Selon un autre stéréotype largement véhiculé, le taux de suicide élevé chez les autochtones serait, lui aussi, le fait de leur culture (décidément fort vilaine). Néanmoins, dans l’une des études les plus importantes réalisées au Canada sur le sujet (Chandler & Lalonde, 1998), on démontre que le taux de suicide est significativement moindre dans les communautés qui préservent leur culture.
La corrélation est mesurée à partir de différents paramètres de continuité culturelle, notamment une forme d’autonomie gouvernementale, des droits territoriaux, un contrôle sur leur système d’éducation et des mesures explicites pour la conservation des traditions.

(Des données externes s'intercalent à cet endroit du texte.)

Lemma steps_sum_extend k K N t : (K <= N)%nat -> INR K >= Rabs t / tau + 2 ->
  steps_sum k N t = steps_sum k K t.
Proof.
  intros HKN HK. apply vsum_extend; auto.
  intros i Hi _. rewrite phi_ext_left. apply lin_zero, in_LX_opow, HO.
  assert (INR i >= INR K + 1) by (rewrite <- S_INR; apply Rle_ge, le_INR; lia).
  assert (Hr : Rabs t / tau * tau = Rabs t) by (field; lra).
  pose proof (RRle_abs t). pose proof (Rabs_pos t).
  set (r := Rabs t / tau) in *.
  assert (0 <= (INR i - (r + 3)) * tau) by (apply Rmult_le_pos; lra).
  nra.
Qed.

Lemma steps_sum_stable k K N t : INR K >= Rabs t / tau + 2 -> INR N >= Rabs t / tau + 2 ->
  steps_sum k N t = steps_sum k K t.
Proof.
  intros HK HN. destruct (Nat.le_ge_cases K N).
  - now apply steps_sum_extend.
  - symmetry. now apply steps_sum_extend.
Qed.

Lemma xsol_steps_sum N t : INR N >= Rabs t / tau + 2 -> xsol t = steps_sum 1 N t.
Proof. intros HN. apply steps_sum_stable; auto. pose proof (nterms_ge tau t Htau). lra. Qed.

Lemma xsol'_steps_sum N t : INR N >= Rabs t / tau + 2 -> xsol' t = steps_sum 0 N t.
Proof. intros HN. apply steps_sum_stable; auto. pose proof (nterms_ge tau t Htau). lra. Qed.

Hypothesis HX : complete X.
Hypothesis Hphi : is_C2_on (fun s => - (2 * tau) <= s <= 0) phi phi' phi''.

Lemma steps_sum_deriv1 N t : - (2 * tau) <= t ->
  has_deriv_within (fun s => - (2 * tau) <= s) (steps_sum 1 N) t (steps_sum 0 N t).
Proof.
  intros Hta. unfold steps_sum.
  apply (deriv_vsum _ (fun m s => opow O (2 * m) (psi (1 + 2 * m) (s - 2 * INR m * tau)))
           (fun m s => opow O (2 * m) (psi (0 + 2 * m) (s - 2 * INR m * tau)))).
  intros m _. apply deriv_lin. now apply in_LX_opow.
  destruct m as [|m].
  - apply (deriv_shift (fun s => - (2 * tau) <= s)). { intros s Hs. simpl. lra. }
    apply phi_ext_deriv; auto; simpl; lra.
  - apply (deriv_shift (fun _ => True)); auto.
    apply (deriv_restrict (fun _ => True)); auto.
    replace (1 + 2 * S m)%nat with (S (0 + 2 * S m)) by lia.
    apply phi_ext_deriv_all; auto; lra || lia.
Qed.

Lemma steps_sum_deriv0 N t : 0 <= t ->
  has_deriv_within (fun s => 0 <= s) (steps_sum 0 (S N)) t (O (O (steps_sum 1 N (t - 2 * tau)))).
Proof.
  intros Ht0.
  replace (O (O (steps_sum 1 N (t - 2 * tau)))) with (ns_add ns_zero
    (vsum (fun m => opow O (2 * S m) (psi (1 + 2 * m) (t - 2 * INR (S m) * tau))) N)).
  2:{ rewrite vadd0l. unfold steps_sum. destruct HO as [HL _]. rewrite !lin_vsum by auto.
      apply vsum_ext. intros m _. replace (2 * S m)%nat with (S (S (2 * m))) by lia.
      now replace (t - 2 * INR (S m) * tau) with (t - 2 * tau - 2 * INR m * tau) by (rewrite S_INR; ring). }
  apply (deriv_ext_all _ (fun s => ns_add (psi 0 s)
    (vsum (fun m => opow O (2 * S m) (psi (2 * S m) (s - 2 * INR (S m) * tau))) N))).
  { intros s. unfold steps_sum. rewrite vsum_shift. simpl. now replace (s - 2 * 0 * tau) with s by ring. }
  apply deriv_add.
  - apply (deriv_ext _ (fun _ => Phi 1 0)); [|simpl; lra|apply deriv_const].
    intros s Hs. rewrite phi_ext_right by lra. unfold phi_taylor. simpl. rewrite pow_fact_0. symmetry. apply ns_scal_one.
  - apply (deriv_vsum _ (fun m s => opow O (2 * S m) (psi (2 * S m) (s - 2 * INR (S m) * tau)))
      (fun m s => opow O (2 * S m) (psi (1 + 2 * m) (s - 2 * INR (S m) * tau)))).
    intros m _. apply deriv_lin. now apply in_LX_opow.
    replace (2 * S m)%nat with (S (1 + 2 * m)) by lia.
    destruct m as [|m].
    + apply (deriv_shift (fun s => - (2 * tau) <= s)). { intros s Hs. simpl. lra. }
      apply phi_ext_deriv; auto; simpl; lra.
    + apply (deriv_shift (fun _ => True)); auto.
      apply (deriv_restrict (fun _ => True)); auto.
      apply phi_ext_deriv_all; auto; lra || lia.
Qed.

Lemma steps_sum_init k N t : - (2 * tau) <= t <= 0 -> steps_sum k N t = Phi (S k) t.
Proof.
  intros Ht. unfold steps_sum. induction N.
  - simpl. rewrite Nat.add_0_r. replace (t - 2 * 0 * tau) with t by ring. now rewrite phi_ext_mid.
  - cbn [vsum]. rewrite IHN.
    assert (Hz : psi (k + 2 * S N) (t - 2 * INR (S N) * tau) = ns_zero).
    { pose proof (pos_INR N). rewrite S_INR.
      destruct (Rlt_or_le (t - 2 * (INR N + 1) * tau) (- (2 * tau))).
      - now apply phi_ext_left.
      - replace (t - 2 * (INR N + 1) * tau) with (- (2 * tau)) by nra.
        rewrite phi_ext_mid by lra. apply (phi_prim_start _ _ _ _ HX); auto; lra || lia. }
    rewrite Hz, lin_zero by apply in_LX_opow, HO. apply ns_add_zero.
Qed.

Lemma steps_sum0_cont N : continuous_on (fun s => - (2 * tau) <= s) (steps_sum 0 N).
Proof.
  apply (cont_vsum _ (fun m s => opow O (2 * m) (psi (0 + 2 * m) (s - 2 * INR m * tau)))).
  intros m _. apply cont_lin. now apply in_LX_opow. destruct m as [|m].
  - apply (cont_shift (fun s => - (2 * tau) <= s)). { intros s Hs; simpl; lra. }
    apply phi_ext_cont; auto. lra.
  - apply (cont_shift (fun _ => True)); auto. apply phi_ext_cont_all; auto; lra || lia.
Qed.

Lemma xsol_deriv t : - (2 * tau) <= t -> has_deriv_within (fun s => - (2 * tau) <= s) xsol t (xsol' t).
Proof.
  intros Hta. set (N := nterms tau (Rabs t + 1)).
  assert (HN : forall s, Rabs (s - t) < 1 -> INR N >= Rabs s / tau + 2)
    by (intros s Hs; pose proof (nterms_near tau t s Htau Hs); unfold N; lra).
  apply (deriv_ext_near _ (steps_sum 1 N) _ _ _ 1); auto; try lra.
  { intros s _ Hs. symmetry. now apply xsol_steps_sum, HN. }
  rewrite (xsol'_steps_sum N t) by (apply HN; rewrite Rminus_diag_eq, Rabs_R0; lra).
  now apply steps_sum_deriv1.
Qed.

Lemma xsol_cont : continuous_on (fun s => - (2 * tau) <= s) xsol.
Proof. apply (cont_of_deriv _ _ xsol'). intros t Hta. now apply xsol_deriv. Qed.

Lemma xsol'_cont : continuous_on (fun s => - (2 * tau) <= s) xsol'.
Proof.
  apply cont_near. intros t Hta. exists (steps_sum 0 (nterms tau (Rabs t + 1))), 1.
  split. lra. split; [|apply steps_sum0_cont].
  intros s _ Hs. apply xsol'_steps_sum. pose proof (nterms_near tau t s Htau Hs). lra.
Qed.

Lemma xsol'_deriv t : 0 <= t ->
  has_deriv_within (fun s => 0 <= s) xsol' t (O (O (xsol (t - 2 * tau)))).
Proof.
  intros Ht0. set (N := (Z.to_nat (up ((Rabs t + 1) / tau)) + 5)%nat).
  assert (HN : nterms tau (Rabs t + 1) = S N).
  { unfold nterms, N. rewrite (Rabs_right (Rabs t + 1)) by (pose proof (Rabs_pos t); lra). lia. }
  apply (deriv_ext_near _ (steps_sum 0 (S N)) _ _ _ 1); auto; try lra.
  { intros s _ Hs. symmetry. apply xsol'_steps_sum. pose proof (nterms_near tau t s Htau Hs).
    rewrite HN in *. lra. }
  rewrite (xsol_steps_sum N); [now apply steps_sum_deriv0|].
  pose proof (nterms_near tau t t Htau ltac:(rewrite Rminus_diag_eq, Rabs_R0; lra)) as H.
  rewrite HN, S_INR in H.
  assert (Rabs (t - 2 * tau) <= Rabs t + 2 * tau).
  { unfold Rminus. eapply Rle_trans. apply Rabs_triang. rewrite Rabs_Ropp, (Rabs_right (2 * tau)); lra. }
  assert (Rabs (t - 2 * tau) / tau <= (Rabs t + 2 * tau) / tau)
    by (apply Rmult_le_compat_r; auto; apply Rlt_le, Rinv_0_lt_compat; auto).
  assert ((Rabs t + 2 * tau) / tau = Rabs t / tau + 2) by (field; lra). lra.
Qed.

Lemma xsol_init t : - (2 * tau) <= t <= 0 -> xsol t = phi t.
Proof. intros. unfold xsol. now rewrite steps_sum_init. Qed.

Lemma xsol'_init t : - (2 * tau) <= t <= 0 -> xsol' t = phi' t.
Proof. intros. unfold xsol'. now rewrite steps_sum_init. Qed.

Lemma xsol_classical : classical_solution tau O (fun _ => ns_zero) phi xsol.
Proof.
  destruct Hphi as [[Hd0 Hc0] [Hd1 Hc1]].
  exists xsol', phi'', (fun t => O (O (xsol (t - 2 * tau)))).
  split; [|split; [|split; [|split]]].
  - split. intros t Ht. now apply xsol_deriv. apply xsol'_cont.
  - split; split.
    + intros t Ht. rewrite xsol'_init by auto. apply (deriv_ext _ phi); auto.
      intros s Hs. symmetry. now apply xsol_init.
    + apply (cont_ext _ phi'); auto. intros s Hs. symmetry. now apply xsol'_init.
    + intros t Ht. apply (deriv_ext _ phi'); auto. intros s Hs. symmetry. now apply xsol'_init.
    + auto.
  - split; split.
    + intros t Ht. apply (deriv_restrict (fun s => - (2 * tau) <= s)). { intros s Hs. simpl in *; lra. }
      apply xsol_deriv. simpl in Ht; lra.
    + apply (cont_restrict (fun s => - (2 * tau) <= s)). { intros s Hs. simpl in *; lra. }
      apply xsol'_cont.
    + intros t Ht. now apply xsol'_deriv.
    + apply cont_lin; auto. apply cont_lin; auto. apply (cont_shift (fun s => - (2 * tau) <= s)).
      { intros s Hs. simpl in *; lra. } apply xsol_cont.
  - intros t _. apply vsub_self.
  - intros t Ht. now apply xsol_init.
Qed.

End Solution.

(** * Uniqueness *)

Lemma deriv_zero_of_vanishing_left {X : NormedSpace} (D : R -> Prop) (f : R -> X) c v eta :
  eta > 0 -> (forall s, c - eta <= s <= c -> D s /\ f s = ns_zero) -> has_deriv_within D f c v ->
  v = ns_zero.
Proof.
  intros Heta Hz Hd. apply vnorm_small0. intros e He.
  destruct (Hd e He) as [d [Hd0 Hd']].
  set (h := - (Rmin d eta / 2)).
  pose proof (Rmin_l d eta). pose proof (Rmin_r d eta).
  assert (Hmp : Rmin d eta > 0) by now apply Rmin_glb_lt.
  assert (Hh : h < 0) by (unfold h; lra).
  specialize (Hd' h ltac:(lra) ltac:(rewrite Rabs_left; unfold h; lra) ltac:(apply Hz; unfold h; lra)).
  rewrite (proj2 (Hz (c + h) ltac:(unfold h; lra))), (proj2 (Hz c ltac:(lra))) in Hd'.
  rewrite vsub_self, vsub0l, vnorm_opp, ns_norm_scal in Hd'.
  assert (Rabs h > 0) by (apply Rabs_pos_lt; lra).
  pose proof (vnorm_nonneg v). nra.
Qed.

Section Uniqueness.
Context {X : NormedSpace}.
Variables (O : X -> X) (tau : R) (x y x' y' x'' y'' : R -> X).
Hypothesis Htau : tau > 0.
Hypothesis Hx' : forall t, - (2 * tau) <= t -> has_deriv_within (fun s => - (2 * tau) <= s) x t (x' t).
Hypothesis Hy' : forall t, - (2 * tau) <= t -> has_deriv_within (fun s => - (2 * tau) <= s) y t (y' t).
Hypothesis Hx'' : forall t, 0 <= t -> has_deriv_within (fun s => 0 <= s) x' t (x'' t).
Hypothesis Hy'' : forall t, 0 <= t -> has_deriv_within (fun s => 0 <= s) y' t (y'' t).
Hypothesis Hxeq : forall t, 0 <= t -> x'' t = O (O (x (t - 2 * tau))).
Hypothesis Hyeq : forall t, 0 <= t -> y'' t = O (O (y (t - 2 * tau))).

Donc la culture, ainsi que des mesures sociopolitiques inverses au processus colonial, constituent des facteurs de protection en regard du désespoir des autochtones.
Pour terminer, adonnons-nous à un bref exercice de miroir. J’ajoute ici d’autres commentaires méprisants : « Peuple apathique et rétrograde… s’accrochant aux anciennes coutumes… avec la ténacité irrationnelle d’un peuple mal éduqué et stationnaire… on ne peut guère concevoir nationalité plus dépourvue de tout ce qui peut vivifier et élever un peuple… ». Fortement similaire aux citations précédentes, celle-ci ne concerne pourtant pas les autochtones. Elle est tirée du rapport Durham (1839) et porte sur les Canadiens français que l’on souhaitait, à l’époque, soumettre bienveillamment à la culture britannique anglophone « pour les tirer de cette infériorité ».
Il est utile de constater combien notre perception subjective change selon l’orientation du miroir. Tristement, ceux qui ont récemment écrit sur la « culture autochtone mortifère » semblent incapables de puiser dans leur propre histoire d’oppression culturelle pour entrer en résonnance empathique avec les peuples autochtones. Et je doute que certains réalisent leur communauté de pensée avec Lord Durham.